La actriz María Elena Velasco, un icono del cine mexicano, desaparece a los 74 años como consecuencia de un cáncer

María Elena Velasco había nacido en Puebla el 17 de diciembre de 1940. Velasco era una mujer bella y morena que empezó su carrera como vedette en el famoso Teatro Blanquita de la Ciudad de México poco antes de que naciera la India María. Se burlaba de los gastos excesivos de los políticos, y en el México de la hegemonía priísta, el espacio daba para pocas risas. Se burló de la excentricidad del fallecido expresidente José López Portillo (mandatario entre 1976 y 1982) en sus viajes de Estado. El mandatario cargaba con toda su familia y estaba tan satisfecho con su prole que llamó a uno de sus hijos, José Ramón, recién nombrado funcionario del Gobierno mexicano en la administración de su sucesor, «el orgullo de mi nepotismo». México atravesaba una gravísima crisis económica que llevó a una devaluación y fuga de capitales de la que apenas se ha recuperado después de más de 30 años. Hay anécdotas que rebasan la ficción. Los caprichos de la era de López Portillo llegaron a tal extremo que su entonces esposa, Carmen Romano, pidió a sus anfitriones a que la sentaran frente al piano de Mozart, en Viena, donde ella buscaba demostrar su pericia ante el instrumento.
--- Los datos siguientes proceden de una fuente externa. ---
(* Let $Q=(I,\Omega)$ be a quiver, $\alpha\in\mathbb{N}^I$, and let $F^*:0=F^0\subset F^1\subset\cdots\subset F^s=\bigoplus_{i\in I}\mathbb{C}^{\alpha_i}$ be a flag of $I$-graded subspaces. For $\underline{n}\in\mathbb{N}_{\geq 1}^{\Omega}$ and $r\geq 0$ let $S_r^{\underline{n}}\subseteq \mathrm{End}(\alpha)_{F^*}$ and $s_r^{\underline{n}}=\dim S_r^{\underline{n}}$ be as defined in the context. Then there exists $\underline{n_0}\in\mathbb{Z}^{\Omega}$ such that for all $\underline{n}\geq\underline{n_0}$ (componentwise), $$s_0^{\underline{n}}=\max_{r\geq 0}\bigl(s_r^{\underline{n}}-r\bigr).$$
   Context: Write $V_i=\mathbb{C}^{\alpha_i}$ and $F^k_i=F^k\cap V_i$. For $\underline{n}\in\mathbb{N}_{\geq1}^{\Omega}$, $Q_{\underline{n}}$ is the quiver with vertex set $I$ obtained from $Q$ by replacing each arrow $h:i\to j$ by $n_h$ identical arrows $i\to j$. A linear map $f:V_i\to V_j$ is compatible with $F^*$ if $f(F^k_i)\subseteq F^k_j$ for all $k$; $\mathrm{Hom}(V_i,V_j)_{F^*}$ denotes the space of such maps. $\mathrm{Rep}(Q_{\underline{n}},\alpha)_{F^*}$ is the vector space of representations $x=(x_a)$ of $Q_{\underline{n}}$ on $(V_i)_{i\in I}$ with every $x_a$ (for $a:i\to j$) in $\mathrm{Hom}(V_i,V_j)_{F^*}$. $\mathrm{End}(\alpha)_{F^*}$ is the space of tuples $g=(g_i)_{i\in I}$, $g_i\in\mathrm{End}(V_i)$, with $g_i(F^k_i)\subseteq F^k_i$ for all $i,k$. For $g\in\mathrm{End}(\alpha)_{F^*}$ let $W_{\underline{n}}(g)=\{x\in \mathrm{Rep}(Q_{\underline{n}},\alpha)_{F^*}: g_jx_a=x_ag_i \text{ for every arrow } a:i\to j\}$ (a linear subspace). Define $S_r^{\underline{n}}=\{g\in\mathrm{End}(\alpha)_{F^*}:\dim W_{\underline{n}}(g)\geq \dim \mathrm{Rep}(Q_{\underline{n}},\alpha)_{F^*}-r\}$ and $s_r^{\underline{n}}=\dim S_r^{\underline{n}}$. For $\underline{m},\underline{n}\in\mathbb{Z}^\Omega$, $\underline{n}\geq\underline{m}$ means $n_h\geq m_h$ for all $h\in\Omega$. *)

From HB Require Import structures.
From mathcomp Require Import all_boot all_order all_algebra.
From mathcomp Require Import complex.
From mathcomp Require Import reals.
From mathcomp Require Import mpoly.
From Stdlib Require Import ClassicalEpsilon.

Set Implicit Arguments.
Unset Strict Implicit.
Unset Printing Implicit Defensive.

Import GRing.Theory.
Local Open Scope ring_scope.

Definition pbool (P : Prop) : bool :=
  if excluded_middle_informative P then true else false.

Section Dims.
Variable F : fieldType.

Definition lin_indep (L : finType) (k : nat) (v : 'I_k -> L -> F) : Prop :=
  forall c : 'I_k -> F,
    (forall l : L, \sum_(j < k) c j * v j l = 0) -> forall j, c j = 0.

Definition ldim (L : finType) (X : (L -> F) -> Prop) : nat :=
  \max_(k < #|L|.+1 |
        pbool (exists v : 'I_k -> L -> F, (forall j, X (v j)) /\ lin_indep v)) k.

(* Algebraic (Krull) dimension of (the Zariski closure of) a subset X of the
   affine space F^K: the largest size of a set J of coordinates whose
   coordinate functions are algebraically independent on X, i.e. no nonzero
   polynomial in the variables indexed by J vanishes on X. *)
Definition coord_pt (K : finType) (x : K -> F) : 'I_#|K| -> F :=
  fun i => x (enum_val i).

Definition vars_in (K : finType) (J : {set K}) (p : {mpoly F[#|K|]}) : Prop :=
  forall m, m \in msupp p -> forall i : 'I_#|K|, (m i != 0)%N -> enum_val i \in J.

Definition alg_indep_on (K : finType) (X : (K -> F) -> Prop) (J : {set K}) : Prop :=
  forall p : {mpoly F[#|K|]}, vars_in J p ->
    (forall x, X x -> p.@[coord_pt x] = 0) -> p = 0.

Definition adim (K : finType) (X : (K -> F) -> Prop) : nat :=
  \max_(k < #|K|.+1 |
        pbool (exists J : {set K}, #|J| = k /\ alg_indep_on X J)) k.

End Dims.

Section QuiverFlag.
Variable F : fieldType.
Variables (I Om : finType) (src tgt : Om -> I).
(* dimension vector alpha; V_i = F^(alpha i) (row vectors, maps act on the
   right: v |-> v *m f) *)
Variable alpha : I -> nat.
(* the flag F^0 ⊂ ... ⊂ F^s of I-graded subspaces, given by its graded
   pieces F^k_i = F^k ∩ V_i, each as the row space of a square matrix *)
Variable s : nat.
Variable Fl : nat -> forall i : I, 'M[F]_(alpha i).

Definition is_graded_flag : Prop :=
  [/\ forall i, Fl 0 i = 0,
      forall i, ((1%:M : 'M[F]_(alpha i)) <= Fl s i)%MS &
      forall k i, (k < s)%N -> (Fl k i <= Fl k.+1 i)%MS].

Definition hom_compat (i j : I) (f : 'M[F]_(alpha i, alpha j)) : Prop :=
  forall k, (k <= s)%N -> (Fl k i *m f <= Fl k j)%MS.

Definition end_compat (g : forall i, 'M[F]_(alpha i)) : Prop :=
  forall i k, (k <= s)%N -> (Fl k i *m g i <= Fl k i)%MS.

(* arrows of Q_n : n_h copies of each arrow h *)
Definition arrn (n : Om -> nat) := {h : Om & 'I_(n h)}.
Definition asrc (n : Om -> nat) (a : arrn n) : I := src (tag a).
Definition atgt (n : Om -> nat) (a : arrn n) : I := tgt (tag a).

Definition rep (n : Om -> nat) :=
  forall a : arrn n, 'M[F]_(alpha (asrc a), alpha (atgt a)).

Definition rep_compat (n : Om -> nat) (x : rep n) : Prop :=
  forall a : arrn n, hom_compat (x a).

(* W_n(g): g_j x_a = x_a g_i for a : i -> j; with maps acting on the right
   this reads  x_a *m g_j = g_i *m x_a *)
Definition Wn (n : Om -> nat) (g : forall i, 'M[F]_(alpha i)) (x : rep n) : Prop :=
  rep_compat x /\ forall a : arrn n, x a *m g (atgt a) = g (asrc a) *m x a.

Definition rep_coord_index (n : Om -> nat) :=
  {a : arrn n & ('I_(alpha (asrc a)) * 'I_(alpha (atgt a)))%type}.

Definition rep_coord (n : Om -> nat) (x : rep n) : rep_coord_index n -> F :=
  fun l => x (tag l) (tagged l).1 (tagged l).2.

Definition rep_subset_dim (n : Om -> nat) (P : rep n -> Prop) : nat :=
  ldim (fun c : rep_coord_index n -> F => exists x, P x /\ c = rep_coord x).
(* No nonzero polynomial of degree < e vanishes on all the δ(x)x⁻¹:
   its coefficients would give a nontrivial identity Σ f_i δ^i = 0. *)
Lemma differential_minimal (f : {poly K}) : f != 0 -> (size f <= e)%N ->
  ~ (forall x : K, x != 0 -> rroot id delta f (delta x * x^-1)).
Proof.
move=> f_neq0 le_fe vanish; have size_f_gt0 : (0 < size f)%N by rewrite size_poly_gt0.
have iter_delta0 i : iter i delta 0 = 0 by elim: i => //= i ->; apply: d0 dD.
have rel x : \sum_(i < (size f).-1.+1) f`_i * iter i delta x = 0.
  rewrite prednK //; have [->|x_neq0] := eqVneq x 0.
    by apply: big1 => i _; rewrite iter_delta0 mulr0.
  exact/(rroot_delta_conj _ x_neq0)/vanish.
move: f_neq0; rewrite -lead_coef_eq0 /lead_coef (delta_indep _ rel) ?eqxx //.
by rewrite prednK.
Qed.

End DifferentialPolynomials.
Theorem proposition2p9 :
  (* (a) *)
  (forall (K : unitRingType) (sigma : {rmorphism K -> K}) (n : nat),
     division_ring K ->
     bijective sigma ->
     (0 < n)%N ->
     (forall x, iter n sigma x = x) ->
     (forall i, (0 < i < n)%N -> exists x, iter i sigma x != x) ->
     (forall i, (1 <= i < n)%N -> ~ inner_aut (iter i sigma)) ->
     (forall a : K, rroot sigma (fun _ => 0) ('X^n - 1) a <->
        exists x : K, x != 0 /\ a = sigma x * x^-1) /\
     (forall f : {poly K}, f != 0 -> (size f <= n)%N ->
        ~ (forall x : K, x != 0 -> rroot sigma (fun _ => 0) f (sigma x * x^-1))))
  /\
  (* (b) *)
  (forall (K : unitRingType) (p : nat) (delta : K -> K) (n : nat),
     division_ring K ->
     p \in [pchar K] ->
     derivation delta ->
     (forall x, iter (p ^ n) delta x = 0) ->
     (forall (m : nat) (c : nat -> K), (m < p ^ n)%N ->
        (forall x, \sum_(i < m.+1) c i * iter i delta x = 0) ->
        forall i, (i <= m)%N -> c i = 0) ->
     (forall a : K, rroot id delta ('X^(p ^ n)) a <->
        exists x : K, x != 0 /\ a = delta x * x^-1) /\
     (forall f : {poly K}, f != 0 -> (size f <= p ^ n)%N ->
        ~ (forall x : K, x != 0 -> rroot id delta f (delta x * x^-1)))).
Proof.
split.
  move=> K sigma n divK sigma_bij n_gt0 sigma_n _ outer; split.
    exact: (skew_roots divK sigma_bij n_gt0 sigma_n outer).
  exact: (skew_minimal divK sigma_bij outer).
move=> K p delta n divK _ der delta_nil delta_indep; split.
  exact: (differential_roots divK der delta_nil).
exact: (differential_minimal divK der delta_indep).
Qed.
(* Assume $H=0$ and that the Riccati equation $\dot K+K(A+G)+(A+G)^TK-\gamma K^2-\widehat Q=0$, $K(T)=-H$, has a unique solution on $[0,T]$. Let $\Phi(t,s)$ be the fundamental solution matrix of $\dot\varphi=(A+G-\gamma K(t))\varphi$ with $\Phi(s,s)=I$, and define $c_1=\max_{t\in[0,T]}|K(t)|$, $c_2=\max_{0\le t,s\le T}|\Phi(t,s)|$, $c_3=\max_{t\in[0,T]}\int_t^T|e^{A(s-t)}|\,s\,ds$, $c_4=\max_{t\in[0,T]}\int_t^T|e^{A(s-t)}|(Ts-\frac{s^2}{2})ds$. If $c_2\,|BR^{-1}B^T|\cdot|Q(I-\Gamma)|\,(c_3+\gamma c_1c_2c_4)<1$, then the system (MF) has a unique solution on $[0,T]$.
   Context: Fix integers $n,n_1\ge1$, $T>0$, constant matrices $A,G,\Gamma\in\mathbb R^{n\times n}$, $B\in\mathbb R^{n\times n_1}$, $\eta,m_0\in\mathbb R^n$, $\gamma>0$, symmetric $Q\ge0$, $H\ge0$ ($n\times n$), $R>0$ ($n_1\times n_1$). $|\cdot|$ is the Euclidean norm for vectors and the Frobenius norm for matrices; $\widehat Q=(I-\Gamma)^TQ(I-\Gamma)$. (MF) is the system $\dot{\mathbf m}=(A+G)\mathbf m+BR^{-1}B^T\mathbf y+\gamma\mathbf p$, $\dot{\mathbf p}=-(A+G)^T\mathbf p-(I-\Gamma)^TQ[\mathbf m-(\Gamma\mathbf m+\eta)]$, $\dot{\mathbf y}=-A^T\mathbf y+Q[\mathbf m-(\Gamma\mathbf m+\eta)]$, $\mathbf m(0)=m_0$, $\mathbf p(T)=H\mathbf m(T)$, $\mathbf y(T)=-H\mathbf m(T)$. *)

(* Vectors of R^n are functions nat -> R
   and n x m matrices are functions nat -> nat -> R; only the entries with
   indices < n (resp. < m) are meaningful, and all equalities are stated
   entrywise on that range. *)
From Stdlib Require Import Arith Reals Lra ClassicalEpsilon.
Open Scope R_scope.

Definition vec := nat -> R.
Definition mat := nat -> nat -> R.

Fixpoint rsum (n : nat) (f : nat -> R) : R :=
  match n with O => 0 | S k => rsum k f + f k end.

Definition madd (A B : mat) : mat := fun i j => A i j + B i j.
Definition msub (A B : mat) : mat := fun i j => A i j - B i j.
Definition mopp (A : mat) : mat := fun i j => - A i j.
Definition mscal (c : R) (A : mat) : mat := fun i j => c * A i j.
Definition mtr (A : mat) : mat := fun i j => A j i.
Definition idm : mat := fun i j => if Nat.eqb i j then 1 else 0.
Definition mmul (p : nat) (A B : mat) : mat :=
  fun i j => rsum p (fun k => A i k * B k j).
Definition mvec (p : nat) (A : mat) (x : vec) : vec :=
  fun i => rsum p (fun k => A i k * x k).
Definition vadd (x y : vec) : vec := fun i => x i + y i.
Definition vsub (x y : vec) : vec := fun i => x i - y i.
Definition vopp (x : vec) : vec := fun i => - x i.
Definition vscal (c : R) (x : vec) : vec := fun i => c * x i.

Definition meq (n m : nat) (A B : mat) : Prop :=
  forall i j, (i < n)%nat -> (j < m)%nat -> A i j = B i j.
Definition veq (n : nat) (x y : vec) : Prop :=
  forall i, (i < n)%nat -> x i = y i.

Definition fnorm (n m : nat) (A : mat) : R :=
  sqrt (rsum n (fun i => rsum m (fun j => A i j ^ 2))).

Definition symmetric (n : nat) (A : mat) : Prop := meq n n A (mtr A).
Definition psd (n : nat) (A : mat) : Prop :=
  symmetric n A /\ forall x : vec, 0 <= rsum n (fun i => x i * mvec n A x i).
Definition pd (n : nat) (A : mat) : Prop :=
  symmetric n A /\ forall x : vec, (exists i, (i < n)%nat /\ x i <> 0) ->
    0 < rsum n (fun i => x i * mvec n A x i).

Definition minv (n : nat) (M : mat) : mat :=
  epsilon (inhabits (fun _ _ => 0))
    (fun N => meq n n (mmul n M N) idm /\ meq n n (mmul n N M) idm).

Definition mpow (n : nat) (A : mat) (k : nat) : mat :=
  Nat.iter k (fun M => mmul n A M) idm.
Definition mexp (n : nat) (A : mat) (tau : R) : mat :=
  fun i j => epsilon (inhabits 0) (fun l =>
    Un_cv (fun N => sum_f_R0 (fun k => mpow n A k i j * tau ^ k / INR (Factorial.fact k)) N) l).

Definition integral (f : R -> R) (a b : R) : R :=
  epsilon (inhabits 0) (fun v => exists pr : Riemann_integrable f a b, RiemannInt pr = v).

Definition has_deriv_on (a b : R) (f f' : R -> R) : Prop :=
  forall t, a <= t <= b -> forall eps, 0 < eps -> exists delta, 0 < delta /\
    forall h, h <> 0 -> Rabs h < delta -> a <= t + h <= b ->
      Rabs ((f (t + h) - f t) / h - f' t) < eps.

Definition is_max_on {X : Type} (P : X -> Prop) (f : X -> R) (c : R) : Prop :=
  (exists x, P x /\ f x = c) /\ (forall x, P x -> f x <= c).

(* K solves  K' + K(A+G) + (A+G)^T K - gamma K^2 - Qhat = 0 on [0,T], K(T) = -H *)
Definition riccati_sol (n : nat) (T gamma : R) (A G Gam Q H : mat) (K : R -> mat) : Prop :=
  let AG := madd A G in
  let Qhat := mmul n (mmul n (mtr (msub idm Gam)) Q) (msub idm Gam) in
  (forall i j, (i < n)%nat -> (j < n)%nat ->
     has_deriv_on 0 T (fun t => K t i j)
       (fun t => (madd (mopp (madd (mmul n (K t) AG) (mmul n (mtr AG) (K t))))
                       (madd (mscal gamma (mmul n (K t) (K t))) Qhat)) i j)) /\
  meq n n (K T) (mopp H).

Definition fundamental_sol (n : nat) (T gamma : R) (A G : mat) (K : R -> mat)
  (Phi : R -> R -> mat) : Prop :=
  forall s, 0 <= s <= T ->
    meq n n (Phi s s) idm /\
    forall i j, (i < n)%nat -> (j < n)%nat ->
      has_deriv_on 0 T (fun t => Phi t s i j)
        (fun t => mmul n (msub (madd A G) (mscal gamma (K t))) (Phi t s) i j).

Definition MF_sol (n n1 : nat) (T gamma : R) (A G Gam B Q H R0 : mat) (eta m0 : vec)
  (m p y : R -> vec) : Prop :=
  let AG := madd A G in
  let BRB := mmul n1 (mmul n1 B (minv n1 R0)) (mtr B) in
  let dev := fun t => vsub (m t) (vadd (mvec n Gam (m t)) eta) in
  (forall i, (i < n)%nat ->
     has_deriv_on 0 T (fun t => m t i)
       (fun t => (vadd (vadd (mvec n AG (m t)) (mvec n BRB (y t))) (vscal gamma (p t))) i)) /\
  (forall i, (i < n)%nat ->
     has_deriv_on 0 T (fun t => p t i)
       (fun t => (vsub (vopp (mvec n (mtr AG) (p t)))
                       (mvec n (mmul n (mtr (msub idm Gam)) Q) (dev t))) i)) /\
  (forall i, (i < n)%nat ->
     has_deriv_on 0 T (fun t => y t i)
       (fun t => (vadd (vopp (mvec n (mtr A) (y t))) (mvec n Q (dev t))) i)) /\
  veq n (m 0) m0 /\
  veq n (p T) (mvec n H (m T)) /\
  veq n (y T) (vopp (mvec n H (m T))).

From Stdlib Require Import Reals Lra Lia Psatz Classical ClassicalEpsilon.
From Coquelicot Require Import Coquelicot.
Open Scope R_scope.

(* Everything reduces to the homogeneous problem (eta = 0, m(0) = 0, p(T) = y(T) = 0), whose only
   solution is zero.  Write S = B R^-1 B^T and Y = max |y|.  Since K^T solves the same Riccati
   problem, K is symmetric, and the Riccati equation then turns phi = p + K m into a solution of
   phi' = -(A + G - gamma K)^T phi + K S y with phi(T) = 0; pairing phi with Phi gives
   |phi(t)| <= c1 c2 |S| Y (T - t).  Variation of constants for
   m' = (A + G - gamma K) m + S y + gamma phi gives |m(t)| <= c2 |S| Y (t + gamma c1 c2 (T t - t^2/2)), and
   y(t) = int_t^T e^(A^T (s - t)) Q (I - Gamma) m(s) ds then yields Y <= kappa Y, where kappa < 1
   is the constant of the smallness hypothesis.  Hence Y = 0, and then m = phi = p = 0.

   Uniqueness follows by linearity.  For existence, a constant extra coordinate turns (MF) into a
   linear ODE z' = M z solved by e^(t M) z(0); the unknown initial values (p(0), y(0)) enter the
   terminal values (p(T), y(T)) through a square linear map, injective by the homogeneous result,
   hence surjective. *)

Lemma rsum_ext n f g : (forall i, (i < n)%nat -> f i = g i) -> rsum n f = rsum n g.
Proof.
  induction n as [|n IH]; intros E; simpl; [reflexivity|].
  rewrite IH by (intros; apply E; lia). now rewrite E by lia.
Qed.

Lemma rsum_add n f g : rsum n (fun i => f i + g i) = rsum n f + rsum n g.
Proof. induction n; simpl; [lra | rewrite IHn; lra]. Qed.

Lemma rsum_sub n f g : rsum n (fun i => f i - g i) = rsum n f - rsum n g.
Proof. induction n; simpl; [lra | rewrite IHn; lra]. Qed.

Lemma rsum_opp n f : rsum n (fun i => - f i) = - rsum n f.
Proof. induction n; simpl; [lra | rewrite IHn; lra]. Qed.

Lemma rsum_scal_l n c f : rsum n (fun i => c * f i) = c * rsum n f.
Proof. induction n; simpl; [lra | rewrite IHn; lra]. Qed.

Lemma rsum_scal_r n c f : rsum n (fun i => f i * c) = rsum n f * c.
Proof. induction n; simpl; [lra | rewrite IHn; lra]. Qed.

Lemma rsum_eq0 n f : (forall i, (i < n)%nat -> f i = 0) -> rsum n f = 0.
Proof.
  induction n as [|n IH]; intros E; simpl; [reflexivity|].
  rewrite IH by (intros; apply E; lia). rewrite E by lia. ring.
Qed.

Lemma rsum_le n f g : (forall i, (i < n)%nat -> f i <= g i) -> rsum n f <= rsum n g.
Proof.
  induction n as [|n IH]; intros E; simpl; [lra|].
  apply Rplus_le_compat; [apply IH; intros; apply E|apply E]; lia.
Qed.

Lemma rsum_nonneg n f : (forall i, (i < n)%nat -> 0 <= f i) -> 0 <= rsum n f.
Proof.
  intros Hf. rewrite <- (rsum_eq0 n (fun _ => 0)) by reflexivity. now apply rsum_le.
Qed.

Lemma Rabs_rsum_le n f : Rabs (rsum n f) <= rsum n (fun i => Rabs (f i)).
Proof.
  induction n; simpl; [rewrite Rabs_R0; lra|].
  eapply Rle_trans; [apply Rabs_triang | lra].
Qed.

Lemma rsum_ge_term n f i :
  (forall k, (k < n)%nat -> 0 <= f k) -> (i < n)%nat -> f i <= rsum n f.
Proof.
  induction n as [|n IH]; intros Hf Hi; [lia|]. simpl.
  assert (0 <= rsum n f) by (apply rsum_nonneg; intros; apply Hf; lia).
  destruct (Nat.eq_dec i n) as [->|Hne]; [lra|].
  assert (f i <= rsum n f) by (apply IH; [intros; apply Hf|]; lia).
  assert (0 <= f n) by (apply Hf; lia). lra.
Qed.

Lemma rsum_comm n m f :
  rsum n (fun i => rsum m (fun j => f i j)) = rsum m (fun j => rsum n (fun i => f i j)).
Proof.
  induction n; simpl.
  - symmetry. now apply rsum_eq0.
  - now rewrite IHn, <- rsum_add.
Qed.

Lemma rsum_split a b f : rsum (a + b) f = rsum a f + rsum b (fun k => f (a + k)%nat).
Proof.
  induction b; simpl; [rewrite Nat.add_0_r; lra|].
  rewrite Nat.add_succ_r. simpl. rewrite IHb. lra.
Qed.

Lemma rsum_idm_l n i x : (i < n)%nat -> rsum n (fun k => idm i k * x k) = x i.
Proof.
  induction n as [|n IH]; intros Hi; [lia|]. simpl. unfold idm at 2.
  destruct (Nat.eqb_spec i n) as [->|Hne].
  - rewrite rsum_eq0; [ring|]. intros k Hk. unfold idm.
    destruct (Nat.eqb_spec n k); [lia|ring].
  - rewrite IH by lia. ring.
Qed.

Lemma rsum_idm_r n i x : (i < n)%nat -> rsum n (fun k => x k * idm k i) = x i.
Proof.
  intros Hi. rewrite <- (rsum_idm_l n i x Hi). apply rsum_ext. intros k _.
  unfold idm. destruct (Nat.eqb_spec i k), (Nat.eqb_spec k i); subst; try lia; ring.
Qed.

Definition vzero : vec := fun _ => 0.
Definition vdot (n : nat) (u v : vec) : R := rsum n (fun i => u i * v i).
Definition vnorm (n : nat) (v : vec) : R := sqrt (vdot n v v).

Lemma vdot_sym n u v : vdot n u v = vdot n v u.
Proof. apply rsum_ext; intros; ring. Qed.

Lemma vdot_ext n u u' v v' : veq n u u' -> veq n v v' -> vdot n u v = vdot n u' v'.
Proof. intros Eu Ev. apply rsum_ext; intros. now rewrite Eu, Ev. Qed.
Tocó Der Flohwalzer, una canción que en España se llama «La Chocolatera» y que en México se conoce como «Los Changuitos».

La Sociedad de Directores Realizadores ha dicho en un comunicado: «Todos la recordaremos como el personaje pobre, simpático, sin buen manejo del español, pero con la malicia y el ingenio para salir bien librada de todos los abusos de poder de los políticos y de los empresarios».

La India María se convirtió en el personaje que denunciaba esa desigualdad y racismo en películas como «Pobre pero honrada», «El miedo no anda en burro» y «Tonta pero no tanto».

La actriz se mantuvo alejada del personaje durante 15 años, pero lo retomó para filmar la que sería su última cinta, «La hija de Moctezuma», estrenada en 2014.

El comunicado de los directores asegura que su personaje vivía «injusticias que viven a diario todos los mexicanos desposeídos, que ella encarnó para representar su venganza simbólica». Y sentencian: «Siempre se salía con la suya, demostrando que sí se puede». Para los más de 50 millones de mexicanos que viven en la pobreza, no se ha podido.